_Problem:_ Across these entries, count the lines holding the string "Import"; the number is the whole answer.

Saved entries
┏━━
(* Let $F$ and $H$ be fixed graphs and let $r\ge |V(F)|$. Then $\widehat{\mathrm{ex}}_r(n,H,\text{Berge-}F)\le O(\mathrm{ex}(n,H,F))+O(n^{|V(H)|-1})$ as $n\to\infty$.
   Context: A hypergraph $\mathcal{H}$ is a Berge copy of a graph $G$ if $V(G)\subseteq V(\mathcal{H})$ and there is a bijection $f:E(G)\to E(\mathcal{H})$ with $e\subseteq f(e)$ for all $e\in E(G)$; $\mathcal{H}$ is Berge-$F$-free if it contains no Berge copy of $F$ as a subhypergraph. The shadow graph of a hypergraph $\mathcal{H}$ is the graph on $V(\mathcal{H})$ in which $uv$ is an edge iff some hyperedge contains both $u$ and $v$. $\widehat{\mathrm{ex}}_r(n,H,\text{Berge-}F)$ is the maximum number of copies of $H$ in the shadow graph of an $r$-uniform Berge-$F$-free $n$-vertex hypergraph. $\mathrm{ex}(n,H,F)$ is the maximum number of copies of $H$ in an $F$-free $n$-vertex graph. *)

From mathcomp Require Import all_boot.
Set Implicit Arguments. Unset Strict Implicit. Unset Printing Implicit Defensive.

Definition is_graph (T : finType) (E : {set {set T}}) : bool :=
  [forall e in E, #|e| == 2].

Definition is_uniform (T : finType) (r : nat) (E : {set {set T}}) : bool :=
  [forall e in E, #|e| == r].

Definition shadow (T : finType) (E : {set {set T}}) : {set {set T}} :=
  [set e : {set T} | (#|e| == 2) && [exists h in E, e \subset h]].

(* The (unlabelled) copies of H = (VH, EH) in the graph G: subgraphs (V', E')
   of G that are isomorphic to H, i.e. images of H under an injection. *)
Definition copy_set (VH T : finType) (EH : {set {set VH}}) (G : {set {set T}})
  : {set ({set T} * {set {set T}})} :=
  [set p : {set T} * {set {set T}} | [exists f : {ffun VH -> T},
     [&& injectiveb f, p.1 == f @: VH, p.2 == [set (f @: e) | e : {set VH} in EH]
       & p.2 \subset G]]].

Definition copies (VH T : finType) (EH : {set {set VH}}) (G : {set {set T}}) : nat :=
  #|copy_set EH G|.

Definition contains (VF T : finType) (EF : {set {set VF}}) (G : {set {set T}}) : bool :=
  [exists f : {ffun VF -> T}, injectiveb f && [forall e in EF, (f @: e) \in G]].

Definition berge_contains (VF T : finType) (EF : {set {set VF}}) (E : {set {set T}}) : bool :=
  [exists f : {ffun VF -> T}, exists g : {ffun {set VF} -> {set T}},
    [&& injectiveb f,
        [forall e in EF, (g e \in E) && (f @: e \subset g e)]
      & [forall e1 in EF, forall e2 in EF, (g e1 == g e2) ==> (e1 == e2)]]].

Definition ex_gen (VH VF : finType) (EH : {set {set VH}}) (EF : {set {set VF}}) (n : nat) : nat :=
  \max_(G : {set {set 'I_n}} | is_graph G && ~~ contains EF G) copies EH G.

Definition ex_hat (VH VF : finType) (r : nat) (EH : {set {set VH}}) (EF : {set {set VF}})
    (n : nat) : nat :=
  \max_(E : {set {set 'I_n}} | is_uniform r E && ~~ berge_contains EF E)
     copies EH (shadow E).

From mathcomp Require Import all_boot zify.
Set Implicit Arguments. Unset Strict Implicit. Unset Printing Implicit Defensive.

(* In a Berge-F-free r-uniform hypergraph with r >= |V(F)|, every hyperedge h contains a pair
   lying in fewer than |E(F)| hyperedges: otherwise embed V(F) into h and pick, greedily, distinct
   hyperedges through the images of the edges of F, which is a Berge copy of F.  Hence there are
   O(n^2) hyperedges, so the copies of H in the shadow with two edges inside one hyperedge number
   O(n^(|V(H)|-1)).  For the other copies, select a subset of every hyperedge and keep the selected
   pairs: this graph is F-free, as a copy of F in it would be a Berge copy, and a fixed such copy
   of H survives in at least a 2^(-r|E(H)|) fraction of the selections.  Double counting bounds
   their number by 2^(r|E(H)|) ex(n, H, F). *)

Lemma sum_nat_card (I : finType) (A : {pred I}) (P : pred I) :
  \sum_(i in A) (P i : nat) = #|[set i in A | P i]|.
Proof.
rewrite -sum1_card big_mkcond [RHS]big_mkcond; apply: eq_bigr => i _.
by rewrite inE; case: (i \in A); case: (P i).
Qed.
┗━━
┏━━
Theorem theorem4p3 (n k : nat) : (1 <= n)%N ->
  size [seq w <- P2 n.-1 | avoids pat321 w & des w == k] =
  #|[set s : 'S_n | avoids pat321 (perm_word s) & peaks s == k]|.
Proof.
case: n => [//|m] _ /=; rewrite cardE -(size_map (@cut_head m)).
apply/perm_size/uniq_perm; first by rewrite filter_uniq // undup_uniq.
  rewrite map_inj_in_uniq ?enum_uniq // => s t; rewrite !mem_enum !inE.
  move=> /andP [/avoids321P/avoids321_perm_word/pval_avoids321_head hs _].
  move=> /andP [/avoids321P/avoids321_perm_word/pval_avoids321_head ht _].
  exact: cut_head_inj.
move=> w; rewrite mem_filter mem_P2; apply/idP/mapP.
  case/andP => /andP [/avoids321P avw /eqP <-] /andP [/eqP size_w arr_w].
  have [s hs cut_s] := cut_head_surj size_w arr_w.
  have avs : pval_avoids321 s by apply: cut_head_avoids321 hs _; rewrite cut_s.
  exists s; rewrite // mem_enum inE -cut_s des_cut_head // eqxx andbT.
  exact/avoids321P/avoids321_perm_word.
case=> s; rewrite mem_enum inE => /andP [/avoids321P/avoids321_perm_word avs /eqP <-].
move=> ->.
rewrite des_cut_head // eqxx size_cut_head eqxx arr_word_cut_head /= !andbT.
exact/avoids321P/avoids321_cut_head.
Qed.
┗━━
_Task output:_ 2